Now -- I feel really lucky that I got some fantastic academic job offers, and I feel grateful towards faculty at those schools for vouching for me during the chaotic hiring process.
Yet, I realized -- after not traveling at all during the pandemic, and finally getting a chance to visit Amsterdam, one of the most livable cities that blew even my high expectations out of the water -- living in a walkable city without a car makes me happy. Car-dependency is a systemic problem in the US. At some of the schools I visited, I couldn't see myself as wanting to live there for a few days, much less 7 years.
And likewise, as much as I'd probably have a bad time, my partner would have it worse. Many fantastic universities are located in college towns, where it would be a lot harder for my partner to make friends or to have a life apart from the university. If one day she wanted to go to an office again, it'd be impossible to do that -- unlike in Seattle.
I love the urban design of San Francisco, moreso than any US city I've gotten the chance to visit over the last few years. The city is walkable; shops, restaurants and grocery stores are at human scale; and there's a connected network of bike infrastructure and public transit.
That's not to say the city is perfect. San Francisco is expensive and there are serious issues with gentrification; I recognize that by moving here I'm helping exacerbate that problem. Though, I also appreciate that policies like rent control provide at least some protection for existing residents. In contrast, Seattle has no rent control, and so corporate landlords can easily jack up rent prices.
Regarding infrasturcture and urban design, I think it's not on Amsterdam's level (yet). Many bike lanes don't feel well-protected, and delivery drivers often park in them. I'm excited to support local organizations like the SF Bike Coalition that are making progress in tackling these issues.
One additional, but also important factor: both my partner and I grew up in the Bay Area, and have parents who live nearby. This, plus the other factors, made us realize that San Francisco would be a fantastic place to live.
Epilogue: joining OpenAI
So, that was a lengthy discussion on the factors I was weighing.
There were a few options on what I could do. It feels very common in my area to take a professor position, defer it for a year, and spend that year in industry. It's kind of like a "pre-batical" with few downsides for the researcher in question, and a lot of upsides: the ability to continue research for a year, and the ability to recruit students during the spring admissions cycle.
However, I decided against it. I was worried that I'd end up not wanting to come in the end -- and that by doing so (by signing the academic offer) I'd potentially cost the school a valuable hiring slot.

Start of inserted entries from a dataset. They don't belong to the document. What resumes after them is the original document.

Section EquilibriumCosts.
Variables (R : realType) (Res Com : finType) (c : Res -> R -> R) (S : Com -> {set Res}).
Hypothesis c_mono : forall r s t, 0 <= s -> s <= t -> c r s <= c r t.

Lemma wardrop_variational mu f g :
  wardrop c S mu f -> feasible_flow S mu g ->
  \sum_r c r (load S f r) * load S f r <= \sum_r c r (load S f r) * load S g r.
Proof.
move=> [Ff Wf] Fg; rewrite (weighted_load_exchange Ff) (weighted_load_exchange Fg).
apply: ler_sum => h _; have [lam Hlam] := Wf h.
have [f_ge0 [f_out _]] := Ff; have [g_ge0 [g_out _]] := Fg.
have f_cost : \sum_r c r (load S f r) * f h r = \sum_r lam * f h r.
  apply: eq_bigr => r _; case: (boolP (r \in S h)) => rS; last first.
    by rewrite f_out // !mulr0.
  have [->|fpos] := eqVneq (f h r) 0; first by rewrite !mulr0.
  by rewrite (proj1 (Hlam r rS)) // lt_def fpos f_ge0.
have f_total : \sum_r lam * f h r = \sum_r lam * g h r.
  by rewrite -!mulr_sumr (demand_sumE Ff) (demand_sumE Fg).
rewrite f_cost f_total; apply: ler_sum => r _.
case: (boolP (r \in S h)) => rS; last by rewrite g_out // !mulr0.
by rewrite ler_wpM2r // (proj2 (Hlam r rS)).
Qed.

Lemma wardrop_cost_unique mu f g :
  wardrop c S mu f -> wardrop c S mu g ->
  forall r, c r (load S f r) = c r (load S g r).
Proof.
move=> Wf Wg.
pose a r := c r (load S f r); pose b r := c r (load S g r).
pose x := load S f; pose y := load S g.
have x_ge0 := load_ge0 (proj1 Wf); have y_ge0 := load_ge0 (proj1 Wg).
(* monotone costs: each term (a - b)(x - y) is nonnegative *)
have term_ge0 r : 0 <= (a r - b r) * (x r - y r).
  have [xy|yx] := leP (x r) (y r).
    have cxy : a r <= b r by apply: c_mono.
    by apply: mulr_le0; rewrite subr_le0.
  have cyx : b r <= a r by apply: c_mono => //; apply: ltW.
  by apply: mulr_ge0; rewrite subr_ge0 // ltW.
(* while both variational inequalities force their sum to be <= 0 *)
have sum0 : \sum_r (a r - b r) * (x r - y r) = 0.
  have V1 := wardrop_variational Wf (proj1 Wg).
  have V2 := wardrop_variational Wg (proj1 Wf).
  apply/eqP; rewrite eq_le sumr_ge0 ?andbT //.
  have -> : \sum_r (a r - b r) * (x r - y r) =
     (\sum_r a r * x r - \sum_r a r * y r) + (\sum_r b r * y r - \sum_r b r * x r).
    rewrite -!sumrB -big_split /=; apply: eq_bigr => r _; ring.
  lra.
move=> r; have /eqP := @psumr_eq0P _ _ predT _ (fun r _ => term_ge0 r) sum0 r isT.
rewrite mulf_eq0 => /orP[|]; rewrite subr_eq0 => /eqP // xy.
by rewrite /a /b -/x -/y xy.
Qed.

End EquilibriumCosts.

Lemma sum_le_exists_lt (R : realDomainType) (I : finType) (T : {set I}) (a b : I -> R) i :
  \sum_(j in T) a j <= \sum_(j in T) b j -> i \in T -> b i < a i ->
  exists2 j, j \in T & a j < b j.
Proof.
move=> sum_le iT ba.
case: (boolP [exists j in T, a j < b j]) => [/exists_inP[j jT ab]|]; first by exists j.
rewrite negb_exists_in => /forall_inP not_lt.
have diff_ge0 j : j \in T -> 0 <= a j - b j.
  by move=> jT; rewrite subr_ge0 leNgt; apply: not_lt.
have diff_sum0 : \sum_(j in T) (a j - b j) = 0.
  by apply/eqP; rewrite eq_le sumr_ge0 // andbT sumrB subr_le0.
have /eqP := psumr_eq0P diff_ge0 diff_sum0 iT.
by rewrite subr_eq0 => /eqP abi; move: ba; rewrite abi ltxx.
Qed.

Definition transfer (V : zmodType) (I : eqType) (y : I -> V) (r r' : I) (d : V) (q : I) : V :=
  if q == r then y r - d else if q == r' then y r' + d else y q.

Lemma sum_transfer (V : zmodType) (I : finType) (T : {set I}) (y : I -> V) r r' d :
  r \in T -> r' \in T -> r' != r ->
  \sum_(q in T) transfer y r r' d q = \sum_(q in T) y q.
Proof.
move=> rT r'T r'r; rewrite (bigD1 r) // [in RHS](bigD1 r) //=.
rewrite (bigD1 r') /=; last by rewrite r'T r'r.
rewrite [in RHS](bigD1 r') /=; last by rewrite r'T r'r.
rewrite /transfer eqxx (negbTE r'r) eqxx.
under eq_bigr => q /andP[/andP[_ qr] qr'] do rewrite (negbTE qr) (negbTE qr').
by rewrite [y r' + d]addrC !addrA subrK.
Qed.

Section SingleCommodity.
Variables (R : realType) (Res : finType) (c : Res -> R -> R).
Hypothesis c_mono : forall r s t, 0 <= s -> s <= t -> c r s <= c r t.

Definition single_eq (T : {set Res}) (m : R) (y : Res -> R) : Prop :=
  (forall r, r \in T -> 0 <= y r) /\ \sum_(r in T) y r = m /\
  exists lam, forall r, r \in T -> (0 < y r -> c r (y r) = lam) /\ lam <= c r (y r).

Lemma cost_squeeze r u v w l :
  0 <= u -> u <= v -> v <= w -> l <= c r u -> c r w <= l -> c r v = l.
Proof.
move=> u0 uv vw lu wl.
have cuv : c r u <= c r v by apply: c_mono.
have cvw : c r v <= c r w by apply: c_mono => //; apply: le_trans uv.
apply/eqP; rewrite eq_le; apply/andP; split; [exact: le_trans wl|exact: le_trans cuv].
Qed.

Variables (T : {set Res}) (s t : R) (y1 y2 : Res -> R).
Hypotheses (eq1 : single_eq T s y1) (eq2 : single_eq T t y2).

(* If y1 puts more load than y2 on r but less on r', moving the amount
   d = min(y1 r - y2 r, y2 r' - y1 r') from r to r' in y1 yields another
   equilibrium for the same demand s: both resources stay at the common
   equilibrium cost. *)
Lemma single_eq_shift r r' :
  r \in T -> r' \in T -> y2 r < y1 r -> y1 r' < y2 r' ->
  exists2 z, single_eq T s z & z r < y1 r.
Proof.
move=> rT r'T lt_r lt_r'.
have [y1_ge0 [sum1 [l1 W1]]] := eq1; have [y2_ge0 [_ [l2 W2]]] := eq2.
have y2r_ge0 := y2_ge0 r rT; have y1r'_ge0 := y1_ge0 r' r'T.
have c1r : c r (y1 r) = l1 by apply: (proj1 (W1 r rT)); apply: le_lt_trans lt_r.
have c2r' : c r' (y2 r') = l2 by apply: (proj1 (W2 r' r'T)); apply: le_lt_trans lt_r'.
have levels : l1 = l2.
  have m1 : c r (y2 r) <= c r (y1 r) by apply: c_mono => //; apply: ltW.
  have m2 : c r' (y1 r') <= c r' (y2 r') by apply: c_mono => //; apply: ltW.
  have b2 := proj2 (W2 r rT); have b1 := proj2 (W1 r' r'T).
  apply/eqP; rewrite eq_le; apply/andP; split; lra.
have neq_rr' : r' != r by apply/eqP => E; move: lt_r lt_r'; rewrite E; lra.
pose d := Order.min (y1 r - y2 r) (y2 r' - y1 r').
have d_gt0 : 0 < d by rewrite lt_min !subr_gt0 lt_r lt_r'.
have d_le1 : d <= y1 r - y2 r by rewrite ge_min lexx.
have d_le2 : d <= y2 r' - y1 r' by rewrite ge_min lexx orbT.
pose z := transfer y1 r r' d.
have zr : z r = y1 r - d by rewrite /z /transfer eqxx.
have zr' : z r' = y1 r' + d by rewrite /z /transfer (negbTE neq_rr') eqxx.
have zq q : q != r -> q != r' -> z q = y1 q.
  by move=> qr qr'; rewrite /z /transfer (negbTE qr) (negbTE qr').
have czr : c r (z r) = l1.
  apply: (cost_squeeze (u := y2 r) (w := y1 r)); rewrite ?zr ?c1r //; try lra.
  by rewrite levels; apply: (proj2 (W2 r rT)).
have czr' : c r' (z r') = l1.
  apply: (cost_squeeze (u := y1 r') (w := y2 r')); rewrite ?zr' ?c2r' -?levels //; try lra.
  exact: (proj2 (W1 r' r'T)).
exists z; last by rewrite zr; lra.
split.
  move=> q qT; case: (eqVneq q r) => [->|qr]; first by rewrite zr; lra.
  case: (eqVneq q r') => [->|qr']; first by rewrite zr'; lra.
  by rewrite zq //; apply: y1_ge0.
split; first by rewrite sum_transfer.
exists l1 => q qT.
case: (eqVneq q r) => [->|qr]; first by rewrite czr.
case: (eqVneq q r') => [->|qr']; first by rewrite czr'.
by rewrite zq //; apply: W1.
Qed.

Lemma single_eq_mono r :
  s <= t ->
  (forall y y', single_eq T s y -> single_eq T s y' -> forall q, q \in T -> y q = y' q) ->
  r \in T -> y1 r <= y2 r.
Proof.
move=> st unique rT; rewrite leNgt; apply/negP => lt_r.
have sum_le : \sum_(q in T) y1 q <= \sum_(q in T) y2 q.
  by case: eq1 => _ [-> _]; case: eq2 => _ [-> _].
have [r' r'T lt_r'] := sum_le_exists_lt sum_le rT lt_r.
have [z eqz zr] := single_eq_shift rT r'T lt_r lt_r'.
by move: zr; rewrite (unique _ _ eq1 eqz r rT) ltxx.
Qed.

End SingleCommodity.

Section ClassGame.
Variables (R : realType) (Res Com : finType) (c : Res -> R -> R) (S : Com -> {set Res}).
Variables (le : rel Com) (C : {set Com}).

Lemma load_SC (f : unit -> Res -> R) r :
  load (SC S le C) f r = if r \in RC S le C then f tt r else 0.
Proof.
rewrite /load /SC; case: ifP => rC; last by rewrite big_pred0_eq.
by apply: big_pred1 => -[].
Qed.

Lemma eq_load_CP m y : eq_load_C c S le C m y <-> single_eq c (RC S le C) m y.
Proof.
split.
  move=> [z [[f [[[f_ge0 [_ f_sum]] Wf] z_load]] zy]].
  have yf r : r \in RC S le C -> y r = f tt r.
    by move=> rC; rewrite -zy // z_load load_SC rC.
  split; first by move=> r rC; rewrite yf.
  split; first by rewrite -(f_sum tt); apply: eq_bigr => r /yf.
  have [lam W] := Wf tt; exists lam => r rC.
  by have := W r rC; rewrite load_SC rC -yf.
move=> [y_ge0 [y_sum [lam W]]].
pose f (_ : unit) r := if r \in RC S le C then y r else 0.
have load_f r : r \in RC S le C -> load (SC S le C) f r = y r.
  by move=> rC; rewrite load_SC rC /f rC.
exists (load (SC S le C) f); split; last exact: load_f.
exists f; split => //; split.
  split; first by move=> u r; rewrite /f; case: ifP => // rC; apply: y_ge0.
  split; first by move=> u r /negbTE rC; rewrite /f rC.
  by move=> u; rewrite -y_sum; apply: eq_bigr => r rC; rewrite /f rC.
by move=> u; exists lam => r rC; rewrite load_f // /f rC; apply: W.
Qed.

End ClassGame.

Lemma gamma_levels (R : realType) (Res Com : finType) (c : Res -> R -> R)
    (S : Com -> {set Res}) (le : rel Com) mu f :
  (forall r s t, 0 <= s -> s <= t -> c r s <= c r t) ->
  Gamma c S le mu -> wardrop c S mu f ->
  exists lam : Com -> R, (forall h h', lam h <= lam h' <-> le h h') /\
    (forall h r, r \in S h -> lam h <= c r (load S f r)) /\
    (forall h r, r \in S h -> 0 < f h r -> c r (load S f r) = lam h).
Proof.
move=> c_mono [_ [x0 [lam [[g [Wg gx0]] [lam_cost lam_order]]]]] Wf.
have same_cost := wardrop_cost_unique c_mono Wf Wg.
have lam_lb h r : r \in S h -> lam h <= c r (load S f r).
  by move=> rS; rewrite same_cost -gx0; apply: (proj2 (lam_cost h)).
exists lam; split => //; split => // h r rS f_pos.
have [[r0 r0S cost_r0] _] := lam_cost h; rewrite gx0 -same_cost in cost_r0.
have [l Wl] := proj2 Wf h.
apply/eqP; rewrite eq_le lam_lb // andbT -cost_r0 (proj1 (Wl r rS) f_pos).
exact: (proj2 (Wl r0 r0S)).
Qed.

Section ClassFlows.
Variables (R : realType) (Res Com : finType) (c : Res -> R -> R) (S : Com -> {set Res}).
Variables (le : rel Com) (C : {set Com}) (h0 : Com).
Hypothesis le_weak : weak_order le.
Hypothesis C_def : C = [set h | le h h0 && le h0 h]%SET.
Variables (mu : Com -> R) (f : Com -> Res -> R) (lam : Com -> R).
Hypothesis feas : feasible_flow S mu f.
Hypothesis lam_order : forall h h', lam h <= lam h' <-> le h h'.
Hypothesis lam_lb : forall h r, r \in S h -> lam h <= c r (load S f r).
Hypothesis lam_used : forall h r, r \in S h -> 0 < f h r -> c r (load S f r) = lam h.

I communicated this to my faculty contacts at various schools, and they were all super understanding and accomodating.
But the more I thought about it, the more it became clear what I wanted to do. I turned down all the academic offers and signed the OpenAI position full time.
Half a year out, and I'm really glad I did, for so many reasons. I'm really enjoying working at OpenAI, and both my partner and I are really enjoying living in San Francisco.
Fin. That took forever to write/edit. Let me know if it helped and if I should write more here!
Thanks to Ludwig Schmidt for feedback on an earlier version of this post.